# [Stored data]

************

Lemma rsum_unique K c a b : has_rsum K c a -> has_rsum K c b -> a = b.
Proof.
move=> ha hb; apply/eqP; rewrite -subr_eq0 -normr_le0.
apply/ler_addgt0Pr => e e0; rewrite add0r.
have e20 : 0 < e / 2 by rewrite divr_gt0.
have [F1 [F1K h1]] := ha _ e20; have [F2 [F2K h2]] := hb _ e20.
set G := undup (F1 ++ F2).
have GK : {subset G <= K}.
  by move=> x; rewrite mem_undup mem_cat => /orP[/F1K|/F2K].
have F1G : {subset F1 <= G} by move=> x xF; rewrite mem_undup mem_cat xF.
have F2G : {subset F2 <= G} by move=> x xF; rewrite mem_undup mem_cat xF orbT.
have := h1 G (undup_uniq _) F1G GK; have := h2 G (undup_uniq _) F2G GK.
set t := \sum_(j <- G) c j => hb' ha'.
have -> : a - b = (a - t) - (b - t) by rewrite opprB addrA subrK.
apply: le_trans (ler_normB _ _) _.
by rewrite (splitr e); apply: ltW; apply: ltrD.
Qed.

Lemma eq_rsum K c d s : (forall j, K j -> c j = d j) ->
  has_rsum K c s -> has_rsum K d s.
Proof.
move=> cd hc e e0; have [F0 [F0K h]] := hc e e0; exists F0; split => // G uG FG GK.
rewrite (_ : \sum_(j <- G) d j = \sum_(j <- G) c j); first exact: h.
rewrite big_seq_cond [RHS]big_seq_cond; apply: eq_bigr => j /andP[jG _].
by rewrite cd //; move: (GK j jG); rewrite in_setE.
Qed.

Lemma rsumD K c d a b : has_rsum K c a -> has_rsum K d b ->
  has_rsum K (fun j => c j + d j) (a + b).
Proof.
move=> ha hb e e0.
have e20 : 0 < e / 2 by rewrite divr_gt0.
have [F1 [F1K h1]] := ha _ e20; have [F2 [F2K h2]] := hb _ e20.
exists (F1 ++ F2); split.
  by move=> x; rewrite mem_cat => /orP[/F1K|/F2K].
move=> G uG FG GK.
have F1G : {subset F1 <= G} by move=> x xF; apply: FG; rewrite mem_cat xF.
have F2G : {subset F2 <= G} by move=> x xF; apply: FG; rewrite mem_cat xF orbT.
have := h1 G uG F1G GK; have := h2 G uG F2G GK => hb' ha'.
rewrite big_split /= opprD addrACA.
apply: le_lt_trans (ler_normD _ _) _.
by rewrite (splitr e); apply: ltrD.
Qed.

Lemma rsum_setD I J c a b : I `<=` J -> has_rsum I c a -> has_rsum (J `\` I) c b ->
  has_rsum J c (a + b).
Proof.
move=> IJ ha hb e e0.
have e20 : 0 < e / 2 by rewrite divr_gt0.
have [F1 [F1K h1]] := ha _ e20; have [F2 [F2K h2]] := hb _ e20.
exists (F1 ++ F2); split.
  move=> x; rewrite mem_cat => /orP[/F1K|/F2K]; rewrite !in_setE; first exact: IJ.
  by case.
move=> G uG FG GK; set p := fun j : int => `[< I j >].
rewrite -(perm_big _ (permEl (perm_filterC p G))) big_cat /=.
have F1G : {subset F1 <= seq.filter p G}.
  move=> x xF; rewrite mem_filter FG ?mem_cat ?xF // andbT /p.
  by apply/asboolP; move: (F1K x xF); rewrite in_setE.
have F2G : {subset F2 <= seq.filter (predC p) G}.
  move=> x xF; rewrite mem_filter FG ?mem_cat ?xF ?orbT // andbT /= /p.
  by apply/negP => /asboolP; move: (F2K x xF); rewrite in_setE => -[].
have G1I : {subset seq.filter p G <= I}.
  by move=> x; rewrite mem_filter /p => /andP[/asboolP ? _]; rewrite in_setE.
have G2JI : {subset seq.filter (predC p) G <= J `\` I}.
  move=> x; rewrite mem_filter /p /= => /andP[/asboolP ? /GK]; rewrite !in_setE.
  by move=> ?; split.
have := h1 _ (filter_uniq _ uG) F1G G1I; have := h2 _ (filter_uniq _ uG) F2G G2JI.
move=> hb' ha'; rewrite opprD addrACA.
apply: le_lt_trans (ler_normD _ _) _.
by rewrite (splitr e); apply: ltrD.
Qed.

Lemma ler_sum_subset_nneg (c : int -> R) (r G : seq int) : uniq r -> uniq G ->
  {subset r <= G} -> (forall j, j \in G -> 0 <= c j) ->
  \sum_(j <- r) c j <= \sum_(j <- G) c j.
Proof.
move=> ur uG rG c0; set p := fun j => j \in r.
rewrite -(perm_big _ (permEl (perm_filterC p G))) big_cat /=.
have -> : \sum_(j <- seq.filter p G) c j = \sum_(j <- r) c j.
  apply: perm_big; apply: uniq_perm; rewrite ?filter_uniq //.
  by move=> x; rewrite mem_filter /p; case xr: (x \in r) => //=; rewrite rG.
rewrite lerDl big_seq; apply: sumr_ge0 => j.
by rewrite mem_filter => /andP[_ /c0].
Qed.

Lemma esum_rsum (K : set int) (c : int -> R) (s : R) :
  (forall j, K j -> 0 <= c j) -> has_rsum K c s ->
  (\esum_(j in K) (c j)%:E = s%:E)%E.
Proof.
move=> c0 hs; apply/eqP; rewrite eq_le; apply/andP; split.
- apply: ge_ereal_sup => _ [X [finX XK] <-].
  rewrite fsbig_finite // sumEFin lee_fin.
  set r := (X in \sum_(_ <- X) _).
  have rK : {subset r <= K}.
    by move=> x; rewrite /r in_fset_set // !in_setE => /XK.
  apply/ler_addgt0Pr => e e0.
  have [F0 [F0K h]] := hs e e0.
  set G := undup (F0 ++ r).
  have GK : {subset G <= K}.
    by move=> x; rewrite mem_undup mem_cat => /orP[/F0K|/rK].
  have F0G : {subset F0 <= G} by move=> x xF; rewrite mem_undup mem_cat xF.
  have rG : {subset r <= G} by move=> x xF; rewrite mem_undup mem_cat xF orbT.
  have := h G (undup_uniq _) F0G GK.
  rewrite ltr_norml => /andP[hG _].
  apply: le_trans (ler_sum_subset_nneg (finmap.fset_uniq _) (undup_uniq _) rG _) _.
    by move=> j /GK; rewrite in_setE => /c0.
  lra.
- apply/lee_subgt0Pr => e e0.
  have [F0 [F0K h]] := hs e e0.
  apply: esum_ge; exists [set` undup F0].
    split; first exact: finite_seq.
    by move=> x /=; rewrite mem_undup => /F0K; rewrite in_setE.
  rewrite -fsbig_seq ?undup_uniq // sumEFin -EFinB lee_fin.
  have : `|s - \sum_(j <- undup F0) c j| < e.
    apply: h; first exact: undup_uniq.
    + by move=> x xF; rewrite mem_undup.
    + by move=> x; rewrite mem_undup => /F0K.
  rewrite ltr_norml => /andP[_ ?]; lra.
Qed.

End RealUnconditionalSums.

Lemma has_usum_rip (R : realType) (V : lmodType R[i]) (ip : V -> V -> R[i])
  (ip_inner : is_inner_product ip) K F s y :
  has_usum ip K F s -> has_rsum K (fun j => rip ip (F j) y) (rip ip s y).
Proof.
move=> hu e e0; set n := ipnorm ip y.
have n0 : 0 <= n by apply: sqrtr_ge0.
have d0 : 0 < e / (1 + n) by rewrite divr_gt0 //; lra.
have [F0 [F0K h]] := hu _ d0; exists F0; split => // G uG FG GK.
rewrite -(rip_suml ip_inner) -(ripBl ip_inner).
apply: le_lt_trans (normr_rip_le ip_inner _ _) _.
have := h G uG FG GK; set m := ipnorm ip _ => mlt.
have m0 : 0 <= m by apply: sqrtr_ge0.
have : m * (1 + n) < e by rewrite -ltr_pdivlMr //; lra.
rewrite -/n; nra.
Qed.

Section OrthogonalProjection.
Variables (R : realType) (V : lmodType R[i]) (ip : V -> V -> R[i]).
Hypothesis ip_inner : is_inner_product ip.
Variables (W : set V) (P : V -> V).
Hypothesis P_proj : is_orth_proj ip W P.

Lemma rip_projC a b : rip ip (P a) b = rip ip a (P b).
Proof.
have orth x y : rip ip (x - P x) (P y) = 0.
  by rewrite /rip (proj2 (P_proj x)) //; case: (P_proj y).
have e1 : rip ip (P a) b = rip ip (P a) (P b) + rip ip (b - P b) (P a).
  by rewrite (ripC ip_inner (_ - _)) -ripDr // addrC subrK.
have e2 : rip ip a (P b) = rip ip (P a) (P b) + rip ip (a - P a) (P b).
  by rewrite -ripDl // addrC subrK.
by rewrite e1 e2 !orth.
Qed.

************

# [Assignment]
From the records, copy every line that has the string "sumEFin" in it.

# [Reply to the exercise]
  rewrite fsbig_finite // sumEFin lee_fin.
  rewrite -fsbig_seq ?undup_uniq // sumEFin -EFinB lee_fin.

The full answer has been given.